The provider of the crisis services was being called out. According to the Tribal members, the Yakama Nation experiences more mental health and substance use issues than anywhere in the region, yet no dedicated services are addressing the need by the contracted provider.
No one called into question the quality of the services of Comprehensive Health, who has been serving the Yakima region for over 16 years, and doing a good job. Some described it a capacity issue due to the increasing need for behavioral health services, and decreasing funding from the state. But communication between the Nation and Comprehensive is lacking, and young lives are being lost.
The meeting was summarized by three themes: communication and collaboration, capacity, and culture. Everyone agreed that something should be done, and promised to convene again in three weeks.
And they did.
On October 31st, Program Managers from the Nation, Greater Columbia BHO, the Health Care Authority, Greater Columbia ACH, and the community met to deepen the conversation.
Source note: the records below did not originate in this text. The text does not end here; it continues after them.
(* Let $F:\mathbb{R}^p\to\mathbb{R}^p$ be single-valued and $T:\mathbb{R}^p\rightrightarrows\mathbb{R}^p$, $\Phi:=F+T$, with $\mathrm{zer}\,\Phi\neq\emptyset$. Assume $T$ is maximally monotone, $F$ is $L$-Lipschitz continuous, and $\langle Fx-Fx^\star,x-x^\star\rangle\ge0$ for all $x\in\mathrm{dom}\,F$ for some $x^\star\in\mathrm{zer}\,\Phi$. Let $\eta>0$ and let $\{(x^k,y^k)\}$ be generated by the reflected forward-backward splitting scheme: start from $x^0\in\mathrm{dom}\,\Phi$, set $x^{-1}:=x^0$, and for $k\ge0$ $$y^k:=2x^k-x^{k-1},\qquad x^{k+1}:=J_{\eta T}(x^k-\eta Fy^k).$$ Define $$\mathcal{V}_k:=\|x^k-x^\star\|^2+2\|x^k-x^{k-1}\|^2+(1-\sqrt2L\eta)\|x^k-y^{k-1}\|^2+2\eta\langle Fy^{k-1}-Fx^\star,x^k-x^{k-1}\rangle.$$ Then for every $k\ge1$, $$\mathcal{V}_k\ge\mathcal{V}_{k+1}+\big[1-(1+\sqrt2)L\eta\big]\big[\|y^k-x^k\|^2+\|x^k-y^{k-1}\|^2\big],$$ $$\mathcal{V}_k\ge(1-L\eta)\|x^k-x^\star\|^2+\big(1-(1+\sqrt2)L\eta\big)\|x^k-y^{k-1}\|^2+2(1-L\eta)\|x^k-x^{k-1}\|^2.$$
   Context: $J_{\eta T}:=(\mathbb{I}+\eta T)^{-1}$ is the resolvent of $\eta T$. $\mathrm{zer}\,\Phi:=\{x:0\in Fx+Tx\}$. $F$ is $L$-Lipschitz if $\|Fx-Fy\|\le L\|x-y\|$. The range $k\ge1$ is where all quantities in $\mathcal{V}_k$ are defined by the scheme. *)

From HB Require Import structures.
From mathcomp Require Import all_boot all_order all_algebra.
From mathcomp Require Import reals.
Set Implicit Arguments. Unset Strict Implicit. Unset Printing Implicit Defensive.
Import Order.TTheory GRing.Theory Num.Theory.
Local Open Scope ring_scope.

(* R^p is modelled as row vectors 'rV[R]_p with the Euclidean inner product. *)
Definition dotv (R : realType) (p : nat) (u v : 'rV[R]_p) : R :=
  \sum_(i < p) u ord0 i * v ord0 i.
Definition normv (R : realType) (p : nat) (u : 'rV[R]_p) : R :=
  Num.sqrt (dotv u u).

(* Set-valued operators T : R^p ==> R^p as graphs: T x u  means  u \in T x. *)
Definition setop (R : realType) (p : nat) := 'rV[R]_p -> 'rV[R]_p -> Prop.

Definition monotone_op (R : realType) (p : nat) (T : setop R p) : Prop :=
  forall x u y v, T x u -> T y v -> 0 <= dotv (u - v) (x - y).

Definition maximally_monotone (R : realType) (p : nat) (T : setop R p) : Prop :=
  monotone_op T /\
  forall S : setop R p, monotone_op S -> (forall x u, T x u -> S x u) ->
    forall x u, S x u -> T x u.

Definition lipschitz (R : realType) (p : nat) (F : 'rV[R]_p -> 'rV[R]_p) (L : R) :=
  forall x y, normv (F x - F y) <= L * normv (x - y).

Definition zer (R : realType) (p : nat) (F : 'rV[R]_p -> 'rV[R]_p) (T : setop R p)
  (x : 'rV[R]_p) : Prop := T x (- F x).

(* dom (F + T) = dom T, since F is single-valued and everywhere defined *)
Definition dom (R : realType) (p : nat) (T : setop R p) (x : 'rV[R]_p) : Prop :=
  exists u, T x u.

(* x = J_{eta T} z, i.e. z \in x + eta T x, i.e. eta^-1 (z - x) \in T x *)
Definition is_resolvent (R : realType) (p : nat) (eta : R) (T : setop R p)
  (z x : 'rV[R]_p) : Prop := T x (eta^-1 *: (z - x)).

(* x^{k-1}, with the convention x^{-1} := x^0 *)
Definition xprev (R : realType) (p : nat) (x : nat -> 'rV[R]_p) (k : nat) : 'rV[R]_p :=
  if k is k'.+1 then x k' else x 0%N.

Definition yseq (R : realType) (p : nat) (x : nat -> 'rV[R]_p) (k : nat) : 'rV[R]_p :=
  2%:R *: x k - xprev x k.

(* V_k (meaningful for k >= 1) *)
Definition Vk (R : realType) (p : nat) (F : 'rV[R]_p -> 'rV[R]_p) (L eta : R)
  (x : nat -> 'rV[R]_p) (xs : 'rV[R]_p) (k : nat) : R :=
  normv (x k - xs) ^+ 2 + 2%:R * normv (x k - x k.-1) ^+ 2
  + (1 - Num.sqrt 2%:R * L * eta) * normv (x k - yseq x k.-1) ^+ 2
  + 2%:R * eta * dotv (F (yseq x k.-1) - F xs) (x k - x k.-1).

From HB Require Import structures.
From mathcomp Require Import all_boot all_order all_algebra.
From mathcomp Require Import reals.
From mathcomp Require Import ring lra.
Set Implicit Arguments. Unset Strict Implicit. Unset Printing Implicit Defensive.
Import Order.TTheory GRing.Theory Num.Theory.
Local Open Scope ring_scope.

(* The monotonicity of T between (x^{k+1}, x⋆) and between (x^{k+1}, x^k),
   read through the resolvent, and that of F between y^k and x⋆, add up to an
   exact identity which bounds V_{k+1} by V_k up to the cross term
   2 eta <F y^k - F y^{k-1}, x^{k+1} - y^k>.  That term, and the term
   2 eta <F y^{k-1} - F x⋆, x^k - x^{k-1}> of V_k itself, are controlled by
   Cauchy-Schwarz, the Lipschitz bound and the weighted Young inequality
   2 s t <= c s^2 + c^-1 t^2.  Using c = sqrt 2 on the cross term and c = 1 + sqrt 2
   to split y^k - y^{k-1} = (x^k - x^{k-1}) + (x^k - y^{k-1}) produces the
   constant 1 + sqrt 2.  A negative L is only possible on the zero space, where
   both inequalities are trivial. *)

Lemma young_ineq (R : realFieldType) (c c' s t : R) : 0 < c -> c * c' = 1 ->
  2 * s * t <= c * s ^+ 2 + c' * t ^+ 2.
Proof.
move=> c_gt0 cc'1; have c'_gt0 : 0 < c' by rewrite -(pmulr_rgt0 _ c_gt0) cc'1.
have := mulr_ge0 (ltW c'_gt0) (sqr_ge0 (c * s - t)).
have -> : c' * (c * s - t) ^+ 2
  = (c * c') * (c * s ^+ 2) - 2 * (c * c') * s * t + c' * t ^+ 2 by ring.
rewrite cc'1; lra.
Qed.

Section InnerProduct.
Variables (R : realType) (p : nat).
Implicit Types u v w : 'rV[R]_p.

Lemma dotv_ge0 u : 0 <= dotv u u.
Proof. by apply: sumr_ge0 => i _; rewrite -expr2 sqr_ge0. Qed.

Lemma dotv0l v : dotv 0 v = 0.
Proof. by rewrite /dotv big1 // => i _; rewrite mxE mul0r. Qed.

Lemma dotvNl u v : dotv (- u) v = - dotv u v.
Proof. by rewrite /dotv -sumrN; apply: eq_bigr => i _; rewrite mxE mulNr. Qed.

Lemma dotvZl a u v : dotv (a *: u) v = a * dotv u v.
Proof. by rewrite /dotv mulr_sumr; apply: eq_bigr => i _; rewrite mxE mulrA. Qed.

Lemma dotv_eq0 u : (dotv u u == 0) = (u == 0).
Proof.
apply/idP/eqP => [|->]; last by rewrite dotv0l.
rewrite /dotv psumr_eq0 => [/allP u0|i _]; last by rewrite -expr2 sqr_ge0.
apply/rowP => j; rewrite mxE.
by have /(_ (mem_index_enum j)) := u0 j; rewrite mulf_eq0 orbb => /eqP.
Qed.

Lemma normv_ge0 u : 0 <= normv u.
Proof. exact: sqrtr_ge0. Qed.

Lemma normv_sq u : normv u ^+ 2 = dotv u u.
Proof. by rewrite sqr_sqrtr ?dotv_ge0. Qed.

Lemma normv_eq0 u : (normv u == 0) = (u == 0).
Proof. by rewrite sqrtr_eq0 le_eqVlt ltNge dotv_ge0 orbF dotv_eq0. Qed.

Lemma normvN u : normv (- u) = normv u.
Proof.
rewrite /normv dotvNl /dotv -sumrN; congr Num.sqrt.
by apply: eq_bigr => i _; rewrite mxE mulrN opprK.
Qed.

Lemma normv_subC u v : normv (u - v) = normv (v - u).
Proof. by rewrite -opprB normvN. Qed.

Lemma normv_lincomb_sq a b u v :
  normv (a *: u + b *: v) ^+ 2
  = a ^+ 2 * normv u ^+ 2 + 2 * a * b * dotv u v + b ^+ 2 * normv v ^+ 2.
Proof.
rewrite !normv_sq /dotv !mulr_sumr -!big_split /=.
by apply: eq_bigr => i _; rewrite !mxE; ring.
Qed.

Lemma dotv_le_normv u v : dotv u v <= normv u * normv v.
Proof.
have [->|u_neq0] := eqVneq u 0; first by rewrite dotv0l mulr_ge0 ?normv_ge0.
have [->|v_neq0] := eqVneq v 0.
  by rewrite /dotv big1 ?mulr_ge0 ?normv_ge0 // => i _; rewrite mxE mulr0.
have uv_gt0 : 0 < normv u * normv v.
  by rewrite mulr_gt0 // lt0r normv_ge0 normv_eq0 ?u_neq0 ?v_neq0.
have := sqr_ge0 (normv (normv v *: u + (- normv u) *: v)).
rewrite normv_lincomb_sq => h.
have : 0 <= (normv u * normv v) * (normv u * normv v - dotv u v) by lra.
by rewrite pmulr_rge0 // subr_ge0.
Qed.

Lemma normv_sub_sq_le c c' u v w : 0 < c -> c * c' = 1 ->
  normv (u - w) ^+ 2 <= (1 + c) * normv (u - v) ^+ 2 + (1 + c') * normv (v - w) ^+ 2.
Proof.
move=> c_gt0 cc'1.
have -> : u - w = 1 *: (u - v) + 1 *: (v - w) by rewrite !scale1r addrA subrK.
rewrite normv_lincomb_sq.
have := dotv_le_normv (u - v) (v - w).
have := young_ineq (normv (u - v)) (normv (v - w)) c_gt0 cc'1.
lra.
Qed.

End InnerProduct.

Lemma lipschitz_lt0_eq0 (R : realType) (p : nat) (F : 'rV[R]_p -> 'rV[R]_p) L :
  lipschitz F L -> L < 0 -> forall u : 'rV[R]_p, u = 0.
Proof.
move=> FL L_lt0 u; apply/eqP; rewrite -normv_eq0 eq_le normv_ge0 andbT.
have := le_trans (normv_ge0 _) (FL u 0); rewrite subr0.
by rewrite (nmulr_rge0 _ L_lt0).
Qed.

Lemma lipschitz_dotv_ge (R : realType) (p : nat) (F : 'rV[R]_p -> 'rV[R]_p) L c c' u v w :
  lipschitz F L -> 0 <= L -> 0 < c -> c * c' = 1 ->
  - (L * (c * normv w ^+ 2 + c' * normv (u - v) ^+ 2)) <= 2 * dotv (F u - F v) w.
Proof.
move=> FL L_ge0 c_gt0 cc'1.
have cs := dotv_le_normv (F v - F u) w.
rewrite -opprB dotvNl normvN in cs.
have lip := ler_wpM2r (normv_ge0 w) (FL u v).
have young := ler_wpM2l L_ge0 (young_ineq (normv w) (normv (u - v)) c_gt0 cc'1).
lra.
Qed.

Lemma rfb_descent_identity (R : realType) (p : nat) (eta : R)
    (x0 x1 x2 xs g0 g1 gs : 'rV[R]_p) :
  normv (x1 - xs) ^+ 2 + normv (x1 - x0) ^+ 2 + 2 * eta * dotv (g0 - gs) (x1 - x0)
  - (normv (x2 - xs) ^+ 2 + 2 * normv (x2 - x1) ^+ 2
     + normv (x2 - (2%:R *: x1 - x0)) ^+ 2 + 2 * eta * dotv (g1 - gs) (x2 - x1)
     + 2 * eta * dotv (g1 - g0) (x2 - (2%:R *: x1 - x0)))
  = 2 * dotv ((x1 - eta *: g1 - x2) - (xs - eta *: gs - xs)) (x2 - xs)
  + 2 * dotv ((x1 - eta *: g1 - x2) - (x0 - eta *: g0 - x1)) (x2 - x1)
  + 2 * eta * dotv (g1 - gs) (2%:R *: x1 - x0 - xs).
Proof.
rewrite !normv_sq /dotv !mulr_sumr !opprD -!sumrN -!big_split /=.
by apply: eq_bigr => i _; rewrite !mxE; ring.
Qed.

Section Resolvent.
Variables (R : realType) (p : nat) (T : setop R p) (eta : R).
Hypotheses (T_mono : monotone_op T) (eta_gt0 : 0 < eta).

Lemma resolvent_monotone z1 z2 x1 x2 :
  is_resolvent eta T z1 x1 -> is_resolvent eta T z2 x2 ->
  0 <= dotv ((z1 - x1) - (z2 - x2)) (x1 - x2).
Proof.
move=> /T_mono T12 /T12; rewrite -scalerBr dotvZl.
by rewrite pmulr_rge0 // invr_gt0.
Qed.

Lemma zer_resolvent F xs : zer F T xs -> is_resolvent eta T (xs - eta *: F xs) xs.
Proof.
by rewrite /zer /is_resolvent addrAC subrr add0r scalerN scalerA mulVf ?gt_eqF ?scale1r.
Qed.

End Resolvent.

Section ReflectedForwardBackward.
Variables (R : realType) (p : nat) (F : 'rV[R]_p -> 'rV[R]_p) (T : setop R p).
Variables (L eta : R) (xs : 'rV[R]_p).
Hypotheses (T_mono : monotone_op T) (FL : lipschitz F L) (L_ge0 : 0 <= L).
Hypotheses (xs_zer : zer F T xs) (F_star : forall z, 0 <= dotv (F z - F xs) (z - xs)).
Hypothesis eta_gt0 : 0 < eta.

Lemma rfb_descent x0 x1 x2 y0 :
  is_resolvent eta T (x0 - eta *: F y0) x1 ->
  is_resolvent eta T (x1 - eta *: F (2%:R *: x1 - x0)) x2 ->
  normv (x2 - xs) ^+ 2 + 2 * normv (x2 - x1) ^+ 2
    + normv (x2 - (2%:R *: x1 - x0)) ^+ 2
    + 2 * eta * dotv (F (2%:R *: x1 - x0) - F xs) (x2 - x1)
    + 2 * eta * dotv (F (2%:R *: x1 - x0) - F y0) (x2 - (2%:R *: x1 - x0))
  <= normv (x1 - xs) ^+ 2 + normv (x1 - x0) ^+ 2
    + 2 * eta * dotv (F y0 - F xs) (x1 - x0).
Proof.
move=> x1_step x2_step.
have xs_step := zer_resolvent eta_gt0 xs_zer.
have mono_xs := resolvent_monotone T_mono eta_gt0 x2_step xs_step.
have mono_x1 := resolvent_monotone T_mono eta_gt0 x2_step x1_step.
have star := mulr_ge0 (ltW eta_gt0) (F_star (2%:R *: x1 - x0)).
have := rfb_descent_identity eta x0 x1 x2 xs (F y0) (F (2%:R *: x1 - x0)) (F xs).
lra.
Qed.

Lemma Vk_lower_bound x k :
  Vk F L eta x xs k >= (1 - L * eta) * normv (x k - xs) ^+ 2
    + (1 - (1 + Num.sqrt 2%:R) * L * eta) * normv (x k - yseq x k.-1) ^+ 2
    + 2%:R * (1 - L * eta) * normv (x k - x k.-1) ^+ 2.
Proof.
rewrite /Vk; set y0 := yseq x k.-1; set x1 := x k; set x0 := x k.-1.
have two_gt0 : (0 : R) < 2 := ltr0Sn _ 1.
have lip := lipschitz_dotv_ge y0 xs (x1 - x0) FL L_ge0 two_gt0
  (divff (lt0r_neq0 two_gt0)).
have tri := @normv_sub_sq_le _ _ 1 1 y0 x1 xs ltr01 (mulr1 1).
rewrite [normv (y0 - x1)]normv_subC in tri.
have := ler_wpM2l (ltW eta_gt0) lip.
have := ler_wpM2l (mulr_ge0 (ltW eta_gt0) L_ge0) tri.
lra.
Qed.

Lemma Vk_decrease x k :
  is_resolvent eta T (x k - eta *: F (yseq x k)) (x k.+1) ->
  is_resolvent eta T (x k.+1 - eta *: F (yseq x k.+1)) (x k.+2) ->
  Vk F L eta x xs k.+1 >= Vk F L eta x xs k.+2
    + (1 - (1 + Num.sqrt 2%:R) * L * eta)
      * (normv (yseq x k.+1 - x k.+1) ^+ 2 + normv (x k.+1 - yseq x k) ^+ 2).
Proof.
move=> x1_step x2_step; have descent := rfb_descent x1_step x2_step.
rewrite /Vk /= [yseq x k.+1]/yseq /=.
set r := Num.sqrt 2%:R; set x0 := x k; set x1 := x k.+1; set x2 := x k.+2.
set y0 := yseq x k; set y1 := 2%:R *: x1 - x0.
have r_gt0 : 0 < r by rewrite sqrtr_gt0 ltr0Sn.
have r_sq : r ^+ 2 = 2 by rewrite sqr_sqrtr ?ler0n.
have r_half : r * (r / 2) = 1 by rewrite mulrA -expr2 r_sq divff ?pnatr_eq0.
have lip := lipschitz_dotv_ge y1 y0 (x2 - y1) FL L_ge0 r_gt0 r_half.
have r_pred : (1 + r) * (r - 1) = 1.
  have -> : (1 + r) * (r - 1) = r ^+ 2 - 1 by ring.
  by rewrite r_sq; lra.
have tri := @normv_sub_sq_le _ _ _ _ y1 x1 y0 (addr_gt0 ltr01 r_gt0) r_pred.
have y1x1 : normv (y1 - x1) = normv (x1 - x0).
  by rewrite /y1 scaler_nat mulr2n addrAC addrK.
rewrite y1x1 in tri *.
have weights : r / 2 * normv (y1 - y0) ^+ 2
    <= (1 + r) * normv (x1 - x0) ^+ 2 + normv (x1 - y0) ^+ 2.
  have := ler_wpM2l (divr_ge0 (ltW r_gt0) (ler0n _ 2)) tri.
  have -> : r / 2 * ((1 + (1 + r)) * normv (x1 - x0) ^+ 2
                      + (1 + (r - 1)) * normv (x1 - y0) ^+ 2)
    = r * normv (x1 - x0) ^+ 2
      + r * (r / 2) * (normv (x1 - x0) ^+ 2 + normv (x1 - y0) ^+ 2) by field.
  rewrite r_half; lra.
have := ler_wpM2l (ltW eta_gt0) lip.
have := ler_wpM2l (mulr_ge0 (ltW eta_gt0) L_ge0) weights.
lra.
Qed.

End ReflectedForwardBackward.

Theorem lemma7 (R : realType) (p : nat) (F : 'rV[R]_p -> 'rV[R]_p) (T : setop R p)
  (L eta : R) (xs : 'rV[R]_p) (x : nat -> 'rV[R]_p) :
  maximally_monotone T ->
  lipschitz F L ->
  zer F T xs ->
  (forall z, 0 <= dotv (F z - F xs) (z - xs)) ->
  0 < eta ->
  dom T (x 0%N) ->
  (forall k, is_resolvent eta T (x k - eta *: F (yseq x k)) (x k.+1)) ->
  forall k, (1 <= k)%N ->
    Vk F L eta x xs k >= Vk F L eta x xs k.+1
      + (1 - (1 + Num.sqrt 2%:R) * L * eta)
        * (normv (yseq x k - x k) ^+ 2 + normv (x k - yseq x k.-1) ^+ 2)
    /\
    Vk F L eta x xs k >= (1 - L * eta) * normv (x k - xs) ^+ 2
      + (1 - (1 + Num.sqrt 2%:R) * L * eta) * normv (x k - yseq x k.-1) ^+ 2
      + 2%:R * (1 - L * eta) * normv (x k - x k.-1) ^+ 2.
Proof.
move=> [T_mono _] FL xs_zer F_star eta_gt0 _ step [//|k] _.
have [L_lt0|L_ge0] := ltP L 0.
  have dotv0 (u v : 'rV[R]_p) : dotv u v = 0.
    by rewrite (lipschitz_lt0_eq0 FL L_lt0 u) dotv0l.
  by rewrite /Vk /normv !dotv0 sqrtr0; split; lra.
split; first exact: Vk_decrease (step k) (step k.+1).
exact: Vk_lower_bound.
Qed.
Information was shared about upcoming changes to the BHO, and questions were asked about billing for services and facilities under the new MCO system.
Gaps in service were discussed, and ideas were generated to close them.
Greater Columbia BHO offered to meet again with the Yakamas, and Greater Columbia ACH offered to improve communication infrastructure.
Everyone agreed that we should meet again. Everyone left in good spirits. After all, it was Halloween.
Thank you to the Yakama Nation for your culture.
Thank you to Comprehensive for your collaboration.
Thank you to Greater Columbia BHO for your cooperation.
Thank you to the Health Care Authority for your communication.